Bicentennial Man
This film begins with a shot of an assembly line where robots and presumably
Chris Columbus/Robin Williams collaborations are manufactured, and from there,
it's two hours plus of excruciatingly banal (but, yes, true) pronouncements on
the beauty of human uniqueness, the necessity of mortality, and why even your
toaster oven needs a little TLC. Oh Jesus, where have you gone, Robin Williams?
Here, he plays Andrew Martin, a robot that, er, who looks a lot a vewy,
vewy sad Robin Williams, in an adaptation of Isaac Asimov's 1976 short story.
Martin may be made of machine, but like the Tin Man, this scrap of metal has a
heart, one that in turn is nurtured and rejected by the family he lives with.

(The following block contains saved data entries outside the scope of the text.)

Lemma jet2_F_summand P x y : 0 <= P false y -> 0 <= P true y ->
  jet2 (F_summand P x y)
    (if Rlt_dec 0 (P x y) then P x y else 0)
    (if Rlt_dec 0 (P x y) then - (P x y * ldens P x y) else 0)
    (if Rlt_dec 0 (P x y) then
       P x y * (ldens P x y * ldens P x y + 2 * (ln (P x y) - cond_ln P y)) else 0).
Proof.
  intros H0 H1. unfold F_summand.
  destruct (Rlt_dec 0 (P x y)) as [Hx|_]; [|apply jet2_const].
  set (p0 := P false y) in *. set (p1 := P true y) in *.
  assert (Hind : 0 < ind p0 / 2 + ind p1 / 2).
  { unfold ind. destruct x; destruct (Rle_dec p0 0); destruct (Rle_dec p1 0);
      unfold p0, p1 in *; lra. }
  assert (Hw : 0 < / 2 * (p0 + p1)) by (destruct x; unfold p0, p1 in *; lra).
  eapply jet2_congr.
  - eapply jet2_ext.
    + apply (jet2_gallager_term (P x y) (ind p0 / 2) (ind p1 / 2) (ln p0) (ln p1) (ln (P x y)));
        [apply ind_half_nonneg | apply ind_half_nonneg | exact Hind].
    + intros r _. unfold gallager_term. f_equal.
      rewrite (pw_exp_ln p0), (pw_exp_ln p1), (pw_exp_ln (P x y)).
      replace (ind (P x y)) with 1 by (unfold ind; destruct (Rle_dec (P x y) 0); lra).
      set (s := / (1 + r)).
      set (B := (ind p0 / 2 * exp (ln p0 * s) + ind p1 / 2 * exp (ln p1 * s))
                * exp (- ln (P x y) * s)).
      assert (HB : 0 < B).
      { apply Rmult_lt_0_compat; [apply mix_exp_pos | apply exp_pos];
          (apply ind_half_nonneg || exact Hind). }
      replace (/ 2 * (ind p0 * exp (ln p0 * s) + ind p1 * exp (ln p1 * s))
                / (1 * exp (ln (P x y) * s))) with B.
      * unfold pw, Rpower. destruct (Rle_dec B 0); [lra | reflexivity].
      * unfold B. rewrite Ropp_mult_distr_l_reverse, exp_Ropp. field.
        apply Rgt_not_eq, exp_pos.
  - reflexivity.
  - rewrite !ind_exp_ln by assumption. unfold ldens, PY. fold p0 p1.
    replace (p0 / 2 + p1 / 2) with (/ 2 * (p0 + p1)) by field. ring.
  - rewrite !ind_exp_ln, !ind_xlnx by assumption. unfold ldens, cond_ln, PY. fold p0 p1.
    replace (p0 / 2 + p1 / 2) with (/ 2 * (p0 + p1)) by field. field. lra.
Qed.

Lemma ln2_pos : 0 < ln 2.
Proof. rewrite <- ln_1; apply ln_increasing; lra. Qed.

Definition info_m2 (m : nat) (P : bool -> nat -> R) : R :=
  avgX (fun x => sumR m (fun y =>
    if Rlt_dec 0 (P x y) then
      P x y * (log2 (P x y / PY P y) * log2 (P x y / PY P y))
    else 0)).

Lemma log2_ldens P x y : 0 < P x y -> 0 <= P false y -> 0 <= P true y ->
  log2 (P x y / PY P y) = ldens P x y / ln 2.
Proof.
  intros Hx H0 H1. assert (0 < PY P y) by (unfold PY; destruct x; lra).
  unfold log2, ldens, Rdiv. rewrite ln_mult, ln_Rinv; auto using Rinv_0_lt_compat.
Qed.

(** [ln P(y|X)] minus its posterior mean averages to zero; this kills the
    cross term in [F''(0)]. *)
Lemma cross_term_vanishes P y : 0 <= P false y -> 0 <= P true y ->
  avgX (fun x => if Rlt_dec 0 (P x y) then P x y * (ln (P x y) - cond_ln P y) else 0) = 0.
Proof.
  intros H0 H1. unfold avgX, cond_ln, xlnx, PY.
  destruct (Rlt_dec 0 (P false y)); destruct (Rlt_dec 0 (P true y));
    destruct (Rle_dec (P false y) 0); destruct (Rle_dec (P true y) 0); try lra.
  - field. lra.
  - replace (P true y) with 0 by lra. field. lra.
  - replace (P false y) with 0 by lra. field. lra.
Qed.

Lemma jet2_F m P : is_channel m P ->
  jet2 (F m P) 1 (- ln 2 * capacity m P) (ln 2 * ln 2 * info_m2 m P).
Proof.
  intros [Hnn Hsum]. pose proof ln2_pos as L.
  assert (Hy : forall x y, In y (seq 0 m) -> 0 <= P x y).
  { intros x y Hy. apply in_seq in Hy. apply Hnn; lia. }
  change (jet2 (fun r => avgX (fun x => sumL (seq 0 m) (fun y => F_summand P x y r)))
            1 (- ln 2 * capacity m P) (ln 2 * ln 2 * info_m2 m P)).
  eapply jet2_congr.
  - apply jet2_avgX; intro x. apply jet2_sumL; intros y Hin.
    apply jet2_F_summand; apply Hy; exact Hin.
  -
    assert (Hx : forall x,
      sumL (seq 0 m) (fun y => if Rlt_dec 0 (P x y) then P x y else 0) = 1).
    { intro x. rewrite <- (Hsum x). apply sumL_ext. intros y Hin.
      specialize (Hy x y Hin). destruct (Rlt_dec 0 (P x y)); lra. }
    unfold avgX. rewrite !Hx. lra.
  -
    assert (Hx : forall x,
      sumL (seq 0 m) (fun y => if Rlt_dec 0 (P x y) then - (P x y * ldens P x y) else 0)
      = - ln 2 * sumR m (fun y =>
          if Rlt_dec 0 (P x y) then P x y * log2 (P x y / PY P y) else 0)).
    { intro x. rewrite sumR_sumL, <- sumL_scal. apply sumL_ext. intros y Hin.
      destruct (Rlt_dec 0 (P x y)); [|ring].
      rewrite log2_ldens by (assumption || apply Hy; exact Hin). field. lra. }
    unfold capacity, avgX. rewrite !Hx. ring.
  -
    assert (Hx : forall x,
      sumL (seq 0 m) (fun y => if Rlt_dec 0 (P x y) then
        P x y * (ldens P x y * ldens P x y + 2 * (ln (P x y) - cond_ln P y)) else 0)
      = ln 2 * ln 2 * sumR m (fun y => if Rlt_dec 0 (P x y) then
          P x y * (log2 (P x y / PY P y) * log2 (P x y / PY P y)) else 0)
        + 2 * sumL (seq 0 m) (fun y =>
          if Rlt_dec 0 (P x y) then P x y * (ln (P x y) - cond_ln P y) else 0)).
    { intro x. rewrite sumR_sumL, <- !sumL_scal, <- sumL_plus. apply sumL_ext. intros y Hin.
      destruct (Rlt_dec 0 (P x y)); [|ring].
      rewrite log2_ldens by (assumption || apply Hy; exact Hin). field. lra. }
    assert (Hcross : avgX (fun x => sumL (seq 0 m) (fun y =>
      if Rlt_dec 0 (P x y) then P x y * (ln (P x y) - cond_ln P y) else 0)) = 0).
    { rewrite avgX_sumL, (sumL_ext _ _ (fun _ => 0 * 0)).
      - rewrite sumL_scal. ring.
      - intros y Hin. rewrite cross_term_vanishes by (apply Hy; exact Hin). ring. }
    unfold info_m2. unfold avgX in *. rewrite !Hx. lra.
Qed.

Lemma pw_pos p y : 0 < p -> 0 < pw p y.
Proof. intros; unfold pw; destruct (Rle_dec p 0); [lra | apply exp_pos]. Qed.

Lemma pw_nonneg p y : 0 <= pw p y.
Proof. unfold pw; destruct (Rle_dec p 0); [lra | left; apply exp_pos]. Qed.

Lemma sumL_pos_on_support l f g :
  (forall y, In y l -> 0 <= f y) -> (forall y, In y l -> 0 < g y -> 0 < f y) ->
  (forall y, In y l -> 0 <= g y) -> sumL l g = 1 -> 0 < sumL l f.
Proof.
  intros Hf Hfg Hg Hs.
  destruct (Rle_lt_dec (sumL l f) 0) as [H|H]; [|exact H].
  assert (Z := sumL_zero_each l f Hf ltac:(pose proof (sumL_nonneg l f Hf); lra)).
  assert (sumL l g <= sumL l (fun _ => 0)).
  { apply sumL_le. intros y Hy. destruct (Hg y Hy) as [Hpos|<-]; [|lra].
    specialize (Hfg y Hy Hpos). rewrite Z in Hfg by exact Hy. lra. }
  assert (sumL l (fun _ => 0) <= sumL l f) by (apply sumL_le; exact Hf).
  lra.
Qed.

Lemma F_pos m P r : is_channel m P -> Rabs r < /2 -> 0 < F m P r.
Proof.
  intros [Hnn Hsum] Hr. apply Rabs_def2 in Hr.
  assert (H : forall x, 0 < sumL (seq 0 m) (fun y => F_summand P x y r)).
  { intro x. apply (sumL_pos_on_support _ _ (P x)).
    - intros y _. unfold F_summand. destruct (Rlt_dec 0 (P x y)); [|lra].
      apply Rmult_le_pos; [lra | apply pw_nonneg].
    - intros y _ Hp. unfold F_summand. destruct (Rlt_dec 0 (P x y)); [|lra].
      apply Rmult_lt_0_compat, pw_pos; [exact Hp|].
      assert (0 < pw (P x y) (/ (1 + r))) by (apply pw_pos; exact Hp).
      pose proof (pw_nonneg (P false y) (/ (1 + r))).
      pose proof (pw_nonneg (P true y) (/ (1 + r))).
      apply Rdiv_lt_0_compat; [destruct x; lra | assumption].
    - intros y Hy. apply in_seq in Hy. apply Hnn; lia.
    - apply Hsum. }
  change (0 < avgX (fun x => sumL (seq 0 m) (fun y => F_summand P x y r))).
  unfold avgX. pose proof (H false). pose proof (H true). lra.
Qed.

Lemma jet2_E0 m P : is_channel m P ->
  jet2 (E0 m P) 0 (capacity m P)
    (- (ln 2 * (info_m2 m P - capacity m P * capacity m P))).
Proof.
  intros Hc. pose proof ln2_pos as L.
  eapply jet2_congr.
  - eapply jet2_ext.
    + apply (jet2_mult (fun _ => - / ln 2) (fun r => ln (F m P r)));
        [apply jet2_const | apply jet2_ln; [apply jet2_F; exact Hc | | lra]].
      intros; apply F_pos; assumption.
    + intros r Hr. unfold E0, log2. field. lra.
  - rewrite ln_1. ring.
  - field. lra.
  - field. lra.
Qed.

Lemma jet2_Fbec C : 0 <= C <= 1 ->
  jet2 (fun rho => - log2 (Fbec rho C)) 0 C (- (ln 2 * (C - C * C))).
Proof.
  intros HC. pose proof ln2_pos as L.
  assert (Hpos : forall r, 0 < 1 + (exp (r * - ln 2) - 1) * C).
  { intros r. assert (0 < exp (r * - ln 2)) by apply exp_pos.
    destruct (Rle_lt_dec 1 (exp (r * - ln 2))); nra. }
  eapply jet2_congr.
  - eapply jet2_ext.
    + apply (jet2_mult (fun _ => - / ln 2) (fun r => ln (1 + (exp (r * - ln 2) - 1) * C)));
        [apply jet2_const | apply jet2_ln].
      * apply jet2_plus; [apply jet2_const|].
        apply jet2_mult; [|apply jet2_const].
        apply jet2_plus; [|apply jet2_const].
        apply jet2_exp, jet2_mult; [apply jet2_id | apply jet2_const].
      * intros r _; apply Hpos.
      * apply Hpos.
    + intros r _. unfold Fbec, log2, Rpower.
      replace (- r * ln 2) with (r * - ln 2) by ring. field. lra.
  - rewrite Rmult_0_l, exp_0. replace (1 + (1 + - (1)) * C) with 1 by ring.
    rewrite ln_1. ring.
  - replace (0 * - ln 2) with 0 by ring. rewrite exp_0. field. lra.
  - replace (0 * - ln 2) with 0 by ring. rewrite exp_0. field. lra.
Qed.

(** ** Moments of the information density of a binary symmetric channel *)

Definition ent_sum (t : R) : R := t * ln t + (1 - t) * ln (1 - t).
Definition ent_sq_sum (t : R) : R := t * (ln t * ln t) + (1 - t) * (ln (1 - t) * ln (1 - t)).

(** [bsc_cap t = 1 - h(t)] is the capacity and [bsc_m2 t] the second moment of
    the information density of the BSC with crossover probability [t]. *)
Definition bsc_cap (t : R) : R := 1 + ent_sum t / ln 2.
Definition bsc_m2 (t : R) : R := 1 + 2 * ent_sum t / ln 2 + ent_sq_sum t / (ln 2 * ln 2).

Lemma jet2_Fbsc eps : 0 < eps < 1 ->
  jet2 (fun rho => - log2 (Fbsc rho eps)) 0 (bsc_cap eps)
     (- (ln 2 * (bsc_m2 eps - bsc_cap eps * bsc_cap eps))).
Proof.
  intros He. pose proof ln2_pos as L.
  set (a := ln eps). set (b := ln (1 - eps)).
  assert (Ea : exp a = eps) by (apply exp_ln; lra).
  assert (Eb : exp b = 1 - eps) by (apply exp_ln; lra).
  eapply jet2_congr.
  - eapply jet2_ext.
    + apply (jet2_mult (fun _ => - / ln 2)
        (fun r => r * (- ln 2) + (1 + r) * ln (exp (a * / (1 + r)) + exp (b * / (1 + r)))));
        [apply jet2_const | apply jet2_plus].
      * apply jet2_mult; [apply jet2_id | apply jet2_const].
      * apply jet2_mult; [apply jet2_plus; [apply jet2_const | apply jet2_id]|].
        apply jet2_ln.
        -- apply jet2_plus; apply jet2_exp, jet2_mult;
             (apply jet2_const || apply jet2_gallager_exponent).
        -- intros r _. pose proof (exp_pos (a * / (1 + r))).
           pose proof (exp_pos (b * / (1 + r))). lra.
        -- rewrite !Rmult_1_r, Ea, Eb. lra.
    + intros r Hr. apply Rabs_def2 in Hr.
      unfold Fbsc, log2, pw, Rpower.
      destruct (Rle_dec eps 0); [lra|]. destruct (Rle_dec (1 - eps) 0); [lra|].
      set (S := exp (/ (1 + r) * ln eps) + exp (/ (1 + r) * ln (1 - eps))).
      assert (HS : 0 < S).
      { unfold S. pose proof (exp_pos (/ (1 + r) * ln eps)).
        pose proof (exp_pos (/ (1 + r) * ln (1 - eps))). lra. }
      destruct (Rle_dec S 0); [lra|].
      rewrite ln_mult, !ln_exp by apply exp_pos.
      unfold S, a, b. rewrite (Rmult_comm (ln eps)), (Rmult_comm (ln (1 - eps))).
      field. lra.
  - rewrite !Rmult_1_r, Ea, Eb. replace (eps + (1 - eps)) with 1 by ring. rewrite ln_1. ring.
  - rewrite !Rmult_1_r, Ea, Eb. replace (eps + (1 - eps)) with 1 by ring. rewrite ln_1.
    unfold bsc_cap, ent_sum. fold a b. field. lra.
  - rewrite !Rmult_1_r, Ea, Eb. replace (eps + (1 - eps)) with 1 by ring. rewrite ln_1.
    unfold bsc_cap, bsc_m2, ent_sum, ent_sq_sum. fold a b. field. lra.
Qed.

He also has quite a talent for making clocks -- even though the passage of time
means zilch to him. As the press notes remark, "It is ironic." And so it goes
and goes for some 200 years, Martin spending the first 180 behaving, if you can
believe it, like a naive Forrest Gump. Finally, he wises up, some trite lessons
are learned, and Martin turns into the lifeform known as Robin Williams,
well-meaning, no longer very funny, and definitely, even for children, a bore.
At the Opera House, Showcase, and Tri-Boro cinemas.